#### [WHAT IS REQUIRED]
Please return the lines of the data below, word for word, from the first line through the line containing "(Hbeta : 0 < beta <= 1)".

#### [TASK DATA]
Lemma P_holder_semi (Phi : Omega -> Cx) : inC' Phi ->
  holder_semi dI theta p beta (P Phi) <=
  exp F * (1 + holder_semi dI theta p beta (fun x => RtoC (f x))) * normC dI theta p beta Phi.
Proof.
  intro Hc. eapply Rle_trans; [|apply (transfer_constant_le_norm HdI HdIbd Htheta Hf _ Hc)].
  apply (holder_semi_le HdI HdIbd Htheta), (holder_bound_proj HdI HdIbd Htheta Hbeta).
  - apply (transfer_constant_ge0 HdI HdIbd Htheta Hf _ Hc).
  - apply P_holder, Hc.
Qed.

End LimitOperator.

Theorem mainTheorem2
  (dI : Iset -> Iset -> R) (theta beta : R)
  (tau : Iset -> Iset) (b : nat) (zeta : nat -> Iset -> Iset) (p : Iset)
  (f : Omega -> R) (P : (Omega -> Cx) -> (Omega -> Cx))
  (HdI : is_metric dI)
  (HdIbd : exists M, forall s t, dI s t <= M)
  (Htheta : 0 < theta < 1)
  (Hbeta : 0 < beta <= 1)
  (Hbranch : forall i t, (i < b)%nat -> tau (zeta i t) = t)
  (Hbranch_all : forall t s, tau s = t -> exists i, (i < b)%nat /\ s = zeta i t)
  (Hbranch_inj : forall t i j, (i < b)%nat -> (j < b)%nat -> zeta i t = zeta j t -> i = j)
  (Hfix : tau p = p)
  (Hexp : exists eta, 0 < eta < 1 /\
     forall i s t, (i < b)%nat -> dI (zeta i s) (zeta i t) <= eta * dI s t)
  (Hf : inC dI theta p beta (fun x => RtoC (f x)))
  (HP : forall Phi, inC dI theta p beta Phi ->
          forall x, Ccv (fun k => Pk b zeta p f k Phi x) (P Phi x)) :
  (forall Phi, inC dI theta p beta Phi -> inC dI theta p beta (P Phi)) /\
  (forall (a c : Cx) Phi Psi, inC dI theta p beta Phi -> inC dI theta p beta Psi ->
     forall x, P (fun y => Cadd (Cmul a (Phi y)) (Cmul c (Psi y))) x
               = Cadd (Cmul a (P Phi x)) (Cmul c (P Psi x))) /\
  (forall Phi, inC dI theta p beta Phi ->
     (forall x, snd (Phi x) = 0 /\ 0 <= fst (Phi x)) ->
     forall x, snd (P Phi x) = 0 /\ 0 <= fst (P Phi x)) /\
  (forall Phi, inC dI theta p beta Phi ->
     supnorm (P Phi) <= exp (supnorm (fun x => RtoC (f x))) * supnorm Phi) /\
  (exists c : R, forall Phi, inC dI theta p beta Phi ->
     holder_semi dI theta p beta (P Phi) <= c * normC dI theta p beta Phi).
Proof.
  (* the fixed point p has a preimage, so there is at least one branch *)
  assert (Hb : (0 < b)%nat).
  { destruct (Hbranch_all p p Hfix) as [i [Hi _]]. lia. }
  assert (Hnonexp : forall i s t, (i < b)%nat -> dI (zeta i s) (zeta i t) <= dI s t).
  { destruct Hexp as [eta [Heta Hcontr]]. intros i s t Hi.
    pose proof (Hcontr i s t Hi). pose proof (dI_ge0 HdI s t). nra. }
  split; [|split; [|split; [|split]]].
  - exact (P_maps_C HdI HdIbd Htheta Hbeta Hb Hnonexp Hf HP).
  - exact (P_linear HdI HdIbd Htheta HP).
  - exact (P_nonneg Hb HP).
  - exact (P_supnorm Hb Hf HP).
  - exists (exp (supnorm (fun x => RtoC (f x))) *
            (1 + holder_semi dI theta p beta (fun x => RtoC (f x)))).
    exact (P_holder_semi HdI HdIbd Htheta Hbeta Hb Hnonexp Hf HP).
Qed.
Lemma subspace_continuous_comp {U V W : topologicalType} (A : set U) (D : set V)
    (f : U -> V) (g : V -> W) :
  {within A, continuous f} -> (forall x, A x -> D (f x)) ->
  {within D, continuous g} -> {within A, continuous (g \o f)}.
Proof.
move=> /subspace_continuousP cf fAD /subspace_continuousP cg.
apply/subspace_continuousP => x Ax; apply: cvg_comp (cg _ (fAD _ Ax)).
by apply: cvg_within_preimage (cf _ Ax) _; apply: filterS fAD (withinT _ _).
Qed.

Section PointwiseTopology.
Context {R : realType} {X : topologicalType}.
(* [pointwise_cvgP] wants some topology on the index type [X -> C]; any will do,
   since it does not enter the statement. *)
Import ArrowAsProduct.

Lemma Funct_cvgP (F : set_system (Funct R X)) (p : Funct R X) : Filter F ->
  F --> p <-> forall t, (fun g : Funct R X => g t) @ F --> p t.
Proof. exact: pointwise_cvgP. Qed.

Lemma Funct_hausdorff : hausdorff_space (Funct R X).
Proof. exact: hausdorff_product (fun _ => @norm_hausdorff _ _). Qed.

End PointwiseTopology.

Section EvaluationFilter.
Context {R : realType} {X B : topologicalType} {r : X -> B}.
Local Notation C := (Cpx R).
Local Notation HX := (HX R r).

Lemma beta_i_Spec {v x} : HX v -> v x != 0 -> Spec R r (beta_i R r x).
Proof.
move=> Hv vx_neq0; rewrite /beta_i; split.
  by move=> a u w Hu Hw; rewrite !asboolT //; exact: HX_lin.
split; first by move=> u w Hu Hw; rewrite !asboolT //; exact: HXM.
by split; [exists v; rewrite asboolT | move=> u Hu; rewrite asboolF].
Qed.

Variable phi : Funct R X.
Hypothesis phi_char : Spec R r phi.

(* The traces on [X] of the pointwise neighbourhoods of [phi]. *)
Definition evaluation_filter : set_system X :=
  filter_from
    [set p : seq (X -> C) * C | (forall u, u \in p.1 -> HX u) /\ 0 < p.2]
    (fun p => [set x | forall u, u \in p.1 -> `|u x - phi u| < p.2]).
Definition Vmulti (m : nat) (Y : 'I_m -> finType)
  (Ps : forall j : 'I_m, Theta -> Y j -> R) (A : finType) (u : Theta -> A -> R) : R :=
  sup [set v | exists sigma : joint_sig Y -> A -> R,
         is_strategy sigma /\
         v = inf [set w | exists P, coupling Ps P /\ w = payoff u P sigma]].

Definition Vsingle (Y : finType) (P : Theta -> Y -> R) (A : finType) (u : Theta -> A -> R) : R :=
  sup [set v | exists sigma : Y -> A -> R, is_strategy sigma /\ v = payoff u P sigma].

Record dproblem := DP {
  dp_act : finType;
  dp_u : Theta -> dp_act -> R;
  dp_ne : (0 < #|dp_act|)%N }.
Arguments dp_u d th a : clear implicits.

Definition comp_act (k : nat) (D : 'I_k -> dproblem) : finType :=
  {dffun forall l : 'I_k, dp_act (D l)}.

Definition comp_u (k : nat) (D : 'I_k -> dproblem) (th : Theta) (a : comp_act D) : R :=
  \sum_(l < k) dp_u (D l) th (a l).
Arguments comp_u [k] D th a.

(* H(A,u) = co{u(.,a) : a in A} - R_+^Theta *)
Definition Hset (A : finType) (u : Theta -> A -> R) : set (Theta -> R) :=
  [set x | exists al : A -> R, is_dist al /\ forall th, x th <= mixed_u u th al].

Definition weak_decomposition (A : finType) (u : Theta -> A -> R)
  (k : nat) (D : 'I_k -> dproblem) : Prop :=
  Hset (comp_u D) `<=` Hset u.

End Defs.
Arguments dp_u {R Theta} d th a.
Arguments comp_u {R Theta k} D th a.

From HB Require Import structures.
From mathcomp Require Import all_boot all_order all_algebra.
From mathcomp Require Import classical_sets boolp reals.
From mathcomp Require Import lra.
Import Order.TTheory GRing.Theory Num.Theory.
Local Open Scope ring_scope.
Set Implicit Arguments. Unset Strict Implicit. Unset Printing Implicit Defensive.

(* Write V := V(P_1, .., P_m; (A, u)).  The heart of the proof is a linear
   programming duality, obtained from Farkas' lemma (proved here by Fourier-Motzkin
   elimination): since against every coupling pi of P_1, .., P_m some strategy
   earns at least V, there are a strategy s on joint signals and functions
   g_j(th, y_j) of a single signal such that
     sum_j g_j(th, yy_j) <= u(th, s(yy))   and   V <= sum_j E_{P_j}[g_j]
   (dual_decomposition; a certificate of infeasibility would instead produce a
   coupling against which every strategy earns less than V).  The problems
   (Y_j, g_j) form a weak decomposition of (A, u), because every composite action
   yy is dominated by the mixed action s(yy) (domination_weak_decomposition), and
   V <= sum_j V(P_j; (Y_j, g_j)) <= sum_l max_j V(P_j; (Y_l, g_l)).
   Conversely, for any dominated decomposition, combining for each component l a
   best single experiment with a pure best response to it yields a strategy on the
   joint signals whose payoff under every coupling is at least
   sum_l max_j V(P_j; D_l) (decomposition_value_le).  An empty state space is
   handled by the empty decomposition. *)

Section SumLemmas.
Variable R : comPzRingType.

Lemma sum_delta (C : finType) (p : C) (G : C -> R) :
  \sum_i (i == p)%:R * G i = G p.
Proof.
rewrite (bigD1 p) //= eqxx mul1r big1 ?addr0 // => i /negPf ->.
by rewrite mul0r.
Qed.

Lemma sum_delta_r (C : finType) (p : C) (G : C -> R) : \sum_i G i * (p == i)%:R = G p.
Proof. by rewrite -(sum_delta p G); apply: eq_bigr => i _; rewrite mulrC eq_sym. Qed.

Lemma sum_mulN (C : finType) (G H : C -> R) : \sum_i G i * - H i = - \sum_i G i * H i.
Proof. by rewrite -sumrN; apply: eq_bigr => i _; rewrite mulrN. Qed.

Lemma sum_mul0 (C : finType) (G : C -> R) : \sum_i G i * 0 = 0.
Proof. by rewrite big1 // => i _; rewrite mulr0. Qed.

Lemma sum_mul_exchange (I J : finType) (c : I -> R) (M : I -> J -> R) (d : J -> R) :
  \sum_j (\sum_i c i * M i j) * d j = \sum_i c i * \sum_j M i j * d j.
Proof.
under eq_bigr do rewrite mulr_suml.
rewrite exchange_big; apply: eq_bigr => i _; rewrite mulr_sumr.
by apply: eq_bigr => j _; rewrite mulrA.
Qed.

Lemma sum_pair (T1 T2 : finType) (F : T1 * T2 -> R) :
  \sum_p F p = \sum_a \sum_b F (a, b).
Proof. by rewrite pair_bigA; apply: eq_bigr => -[]. Qed.

End SumLemmas.

Lemma sum_dffun_prod (R : comPzSemiRingType) (I : finType) (T : I -> finType)
    (F : forall i, T i -> R) :
  \sum_(f : {dffun forall i, T i}) \prod_i F i (f i) = \prod_i \sum_(y : T i) F i y.
Proof.
rewrite (reindex (@dffun_of_fprod I T)); last exact/onW_bij/dffun_of_fprod_bij.
pose P_ i := [ffun y => F i y].
transitivity (\sum_(t : fprod T) \prod_(i in I) P_ i (t i)).
  by apply: eq_bigr => t _; apply: eq_bigr => i _; rewrite !ffunE.
rewrite big_fprod.
transitivity (\prod_i \sum_(y : T i) P_ i y); last first.
  by apply: eq_bigr => i _; apply: eq_bigr => y _; rewrite ffunE.
under [RHS]eq_bigr => i _ do rewrite (big_tag (fun i y => P_ i y) i).
by rewrite bigA_distr_big_dep.
Qed.


Section Farkas.
Variable R : realFieldType.

Definition solves (V C : finType) (A : C -> V -> R) (b : C -> R) (x : V -> R) :=
  forall i, \sum_v A i v * x v <= b i.

(* A Farkas certificate: a nonnegative combination of the rows of  A x <= b
   that reads  0 <= (negative number),  so that the system has no solution. *)
Definition certificate (V C : finType) (A : C -> V -> R) (b : C -> R) (l : C -> R) :=
  [/\ forall i, 0 <= l i, forall v, \sum_i l i * A i v = 0 & \sum_i l i * b i < 0].

Lemma certificate_pullback (K C V : finType) (L : K -> C -> R)
    (A : C -> V -> R) (b : C -> R) (mu : K -> R) :
  (forall k i, 0 <= L k i) ->
  certificate (fun k v => \sum_i L k i * A i v) (fun k => \sum_i L k i * b i) mu ->
  certificate A b (fun i => \sum_k mu k * L k i).
Proof.
move=> L_ge0 [mu_ge0 mu_col mu_val]; split.
- by move=> i; apply: sumr_ge0 => k _; apply: mulr_ge0.
- by move=> v; rewrite sum_mul_exchange; apply: mu_col.
- by rewrite sum_mul_exchange.
Qed.

Lemma exists_between (I : finType) (P Q : pred I) (f : I -> R) :
  (forall p q, P p -> Q q -> f q <= f p) ->
  exists t, (forall p, P p -> t <= f p) /\ (forall q, Q q -> f q <= t).
Proof.
move=> fQP; case: (pselect (exists p, P p)) => [[p0 Pp0]|noP].
  exists (\big[Num.min/f p0]_(p | P p) f p); split.
    by move=> p Pp; apply: bigmin_le_cond.
  by move=> q Qq; apply: le_bigmin => [|p Pp]; apply: fQP.
exists (\big[Num.max/0]_(q | Q q) f q); split; last by move=> q Qq; apply: le_bigmax_cond.
by move=> p Pp; case: noP; exists p.
Qed.

Section FourierMotzkinStep.
Variables (V C : finType) (A : C -> V -> R) (b : C -> R) (v : V).

(* The rows of the system with the variable v eliminated: each row j of A with
   no v-term is kept ([inl j]), and each pair (p, q) of rows whose v-coefficients
   are positive and negative is combined so that v cancels ([inr (p, q)]).
   [fm_mult k] gives the (nonnegative) multipliers of the rows of A in row k. *)
Definition fm_mult (k : C + C * C) (i : C) : R :=
  match k with
  | inl j => ((i == j) && (A j v == 0))%:R
  | inr (p, q) => if (0 < A p v) && (A q v < 0)
      then (i == p)%:R * (- A q v) + (i == q)%:R * A p v else 0
  end.

Lemma fm_mult_ge0 k i : 0 <= fm_mult k i.
Proof.
case: k => [j|[p q]] /=; first by rewrite ler0n.
case: ifP => // /andP[Ap Aq].
by rewrite addr_ge0 // mulr_ge0 ?ler0n ?oppr_ge0 ?ltW.
Qed.

Lemma fm_combination k (F : C -> R) : \sum_i fm_mult k i * F i =
  match k with
  | inl j => if A j v == 0 then F j else 0
  | inr (p, q) => if (0 < A p v) && (A q v < 0)
      then - A q v * F p + A p v * F q else 0
  end.
Proof.
case: k => [j|[p q]] /=.
  case: eqP => Aj; last by rewrite big1 // => i _; rewrite andbF mul0r.
  by rewrite -(sum_delta j F); apply: eq_bigr => i _; rewrite andbT.
case: ifP => _; last by rewrite big1 // => i _; rewrite mul0r.
under eq_bigr do rewrite mulrDl -!mulrA.
by rewrite big_split /= !sum_delta.
Qed.

Definition fm_A k w := \sum_i fm_mult k i * A i w.
Definition fm_b k := \sum_i fm_mult k i * b i.

Lemma fm_A_pivot k : fm_A k v = 0.
Proof.
rewrite /fm_A fm_combination; case: k => [j|[p q]]; first by case: eqP.
by case: ifP => // _; rewrite mulNr mulrC addNr.
Qed.
Lemma taylor2_littleo w c eta : 0 < eta ->
  (forall x, `|x - c| < eta -> derivable w x 1 /\ derivable (derive1 w) x 1) ->
  {for c, continuous (derive1n 2 w)} -> w c = 0 -> derive1 w c = 0 ->
  forall e, 0 < e -> exists2 d, 0 < d <= eta & forall x, `|x - c| < d ->
    `|w x - derive1n 2 w c / 2 * (x - c) ^+ 2| <= e * (x - c) ^+ 2.
Proof.
move=> eta0 dw w''c wc w'c e e0; set k := derive1n 2 w c.
have /(nbhs_ballP _ _).1 [d0 d0_gt0 near_c] : \forall y \near c, `|k - derive1n 2 w y| <= e.
  exact: cvgr_dist_le w''c _ e0.
have d_gt0 : 0 < Order.min d0 eta by rewrite lt_min d0_gt0 eta0.
exists (Order.min d0 eta); first by rewrite d_gt0 ge_min lexx orbT.
have inball x y : `|y - c| <= `|x - c| -> `|x - c| < Order.min d0 eta ->
    `|y - c| < d0 /\ `|y - c| < eta.
  by move=> yx; rewrite lt_min => /andP[xd xe]; split; apply: le_lt_trans yx _.
(* the mean value bound, applied first to [w' - k (y - c)], then to [w - k/2 (y - c)^2] *)
have w'_near x : `|x - c| < Order.min d0 eta -> `|derive1 w x - k * (x - c)| <= e * `|x - c|.
  move=> xd; have := @mvt_norm_le (fun y => derive1 w y - k * (y - c))
    (fun y => derive1n 2 w y - k) c x e.
  rewrite subrr mulr0 w'c subr0 subr0; apply => y yx.
  have [yd ye] := inball x y yx xd; split.
    apply: is_deriveB; last exact: is_derive_shifted_lin.
    by have := derivableP (dw y ye).2; rewrite -derive1E.
  by rewrite distrC; apply: near_c; rewrite /ball /= distrC.
move=> x xd.
have -> : e * (x - c) ^+ 2 = e * `|x - c| * `|x - c|.
  by rewrite -mulrA -expr2 real_normK // num_real.
have := @mvt_norm_le (fun y => w y - k / 2 * (y - c) ^+ 2)
  (fun y => derive1 w y - k * (y - c)) c x (e * `|x - c|).
rewrite subrr expr0n /= mulr0 wc subr0 subr0.
apply=> y yx; have [_ ye] := inball x y yx xd; split.
  apply: is_deriveB; last exact: is_derive_shifted_sqr.
  by have := derivableP (dw y ye).1; rewrite -derive1E.
apply: le_trans (w'_near y (le_lt_trans yx xd)) _.
by rewrite ler_wpM2l // ltW.
Qed.

End SecondOrderExpansion.

Section Expansion.
Variable R : realType.
Implicit Types (G Rl : 'M[R]_2) (v : 'cV[R]_2) (W : R -> \bar R).

Lemma W_local_quadratic W alpha beta : W_hyp W alpha beta ->
  forall e, 0 < e -> exists2 d, 0 < d & forall x, `|x - 1| < d ->
    exists2 wx, W x = wx%:E & `|wx - alpha / 2 * (x - 1) ^+ 2| <= e * (x - 1) ^+ 2.
Proof.
case=> W_ge0 [W_eq0 [_ [[eta [eta_gt0 [w [Ww [w_C2 w''1]]]]] _]]] e e_gt0.
have dw x : `|x - 1| < eta -> derivable w x 1 /\ derivable (derive1 w) x 1.
  by move=> /w_C2[? []].
have eta1 : `|1 - 1| < eta by rewrite subrr normr0.
have w1 : w 1 = 0 by have := (W_eq0 1 ler01).2 erefl; rewrite Ww // => -[].
have w'1 : derive1 w 1 = 0.
  apply: (@derive1_at_local_min _ _ _ (Order.min eta 1)); first by rewrite lt_min eta_gt0 ltr01.
    by move=> x; rewrite lt_min => /andP[/dw[]].
  move=> x; rewrite lt_min => /andP[xe]; rewrite ltr_norml => /andP[x0 _].
  by rewrite w1 -lee_fin -Ww //; apply: W_ge0; lra.
have [d /andP[d_gt0 d_eta] wT] := taylor2_littleo eta_gt0 dw (w_C2 1 eta1).2.2 w1 w'1 e_gt0.
exists d => // x xd; exists (w x); first by apply: Ww; apply: lt_le_trans d_eta.
by rewrite -w''1; apply: wT.
Qed.

Lemma W_bond_expansion W alpha e d G v : 0 <= alpha -> 0 <= e ->
  (forall x, `|x - 1| < d ->
    exists2 wx, W x = wx%:E & `|wx - alpha / 2 * (x - 1) ^+ 2| <= e * (x - 1) ^+ 2) ->
  vnorm v = 1 -> frob G <= 1 / 4 -> 2 * frob G < d ->
  exists2 wr, W (vnorm ((1%:M + G) *m v)) = wr%:E &
    `|wr - alpha / 2 * strain G v ^+ 2| <= e * (4 * frob G ^+ 2) + alpha / 2 * (3 * frob G ^+ 3).
Proof.
move=> a0 e0 Wloc v_unit f4 fd; set r := vnorm _.
have [r1 rm] := unit_stretch_bounds v_unit f4.
have [wr Wr wrT] := Wloc r (le_lt_trans r1 fd); exists wr => //.
have r1f : (r - 1) ^+ 2 <= 4 * frob G ^+ 2.
  rewrite -real_normK ?num_real // (_ : 4 * _ = (2 * frob G) ^+ 2); last by ring.
  by rewrite ler_sqr ?nnegrE ?normr_ge0 ?mulr_ge0 ?frob_ge0.
rewrite (_ : wr - _ = (wr - alpha / 2 * (r - 1) ^+ 2)
                      + alpha / 2 * ((r - 1) ^+ 2 - strain G v ^+ 2)); last by ring.
apply: le_trans (ler_normD _ _) (lerD (le_trans wrT _) _); first by rewrite ler_wpM2l.
by rewrite normrM ger0_norm ?divr_ge0 // ler_wpM2l ?divr_ge0.
Qed.

Lemma half_sum3_dist (a1 a2 a3 b1 b2 b3 k : R) :
  `|a1 - b1| <= k -> `|a2 - b2| <= k -> `|a3 - b3| <= k ->
  `|(a1 + a2 + a3) / 2 - (b1 + b2 + b3) / 2| <= 3 / 2 * k.
Proof.
move=> h1 h2 h3.
rewrite (_ : _ - _ = ((a1 - b1) + (a2 - b2) + (a3 - b3)) / 2); last by field.
rewrite normrM normfV normr_nat.
have := ler_normD (a1 - b1 + (a2 - b2)) (a3 - b3).
have := ler_normD (a1 - b1) (a2 - b2); lra.
Qed.

Lemma Wtri_expansion Rl W alpha beta : is_SO2 Rl -> W_hyp W alpha beta ->
  forall eps, 0 < eps -> exists delta, 0 < delta /\ forall G, frob G < delta ->
    (`|Wtri W Rl (1%:M + G) - (Qform alpha G / 2)%:E| <= (eps * frob G ^+ 2)%:E)%E.
Proof.
move=> SO2 hW eps eps_gt0.
have a_gt0 : 0 < alpha by case: hW => _ [_ [_ [_ []]]].
have e_gt0 : 0 < eps / 12 by rewrite divr_gt0.
have [d d_gt0 Wloc] := W_local_quadratic hW e_gt0.
exists (Order.min (1 / 4) (Order.min (d / 2) (eps / (5 * alpha)))); split.
  by rewrite !lt_min !divr_gt0 ?mulr_gt0.
move=> G; rewrite !lt_min => /andP[f4 /andP[fd fa]].
have {}f4 := ltW f4.
have {}fd : 2 * frob G < d by rewrite -ltr_pdivlMl // mulrC.
have {}fa : alpha * frob G <= eps / 5.
  rewrite (_ : eps / 5 = alpha * (eps / (5 * alpha))); last by field; rewrite gt_eqF.
  by rewrite ler_pM2l // ltW.
have [u1 u2 u3] := bonds_unit SO2.
have [w1 W1 b1] := W_bond_expansion (ltW a_gt0) (ltW e_gt0) Wloc u1 f4 fd.
have [w2 W2 b2] := W_bond_expansion (ltW a_gt0) (ltW e_gt0) Wloc u2 f4 fd.
have [w3 W3 b3] := W_bond_expansion (ltW a_gt0) (ltW e_gt0) Wloc u3 f4 fd.
rewrite /Wtri W1 W2 W3 -!EFinD /= lee_fin (Qform_bond_strains _ _ SO2) mulrDr mulrDr.
apply: le_trans (half_sum3_dist b1 b2 b3) _.
(* the cubic error term is absorbed since [alpha * frob G <= eps / 5] *)
have : alpha * frob G ^+ 3 <= eps / 5 * frob G ^+ 2.
  rewrite (_ : alpha * _ = alpha * frob G * frob G ^+ 2); last by ring.
  by rewrite ler_wpM2r ?sqr_ge0.
have := mulr_ge0 (ltW eps_gt0) (sqr_ge0 (frob G)); lra.
Qed.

#### [SOLUTION FOR THIS EXERCISE]
Lemma P_holder_semi (Phi : Omega -> Cx) : inC' Phi ->
  holder_semi dI theta p beta (P Phi) <=
  exp F * (1 + holder_semi dI theta p beta (fun x => RtoC (f x))) * normC dI theta p beta Phi.
Proof.
  intro Hc. eapply Rle_trans; [|apply (transfer_constant_le_norm HdI HdIbd Htheta Hf _ Hc)].
  apply (holder_semi_le HdI HdIbd Htheta), (holder_bound_proj HdI HdIbd Htheta Hbeta).
  - apply (transfer_constant_ge0 HdI HdIbd Htheta Hf _ Hc).
  - apply P_holder, Hc.
Qed.

End LimitOperator.

Theorem mainTheorem2
  (dI : Iset -> Iset -> R) (theta beta : R)
  (tau : Iset -> Iset) (b : nat) (zeta : nat -> Iset -> Iset) (p : Iset)
  (f : Omega -> R) (P : (Omega -> Cx) -> (Omega -> Cx))
  (HdI : is_metric dI)
  (HdIbd : exists M, forall s t, dI s t <= M)
  (Htheta : 0 < theta < 1)
  (Hbeta : 0 < beta <= 1)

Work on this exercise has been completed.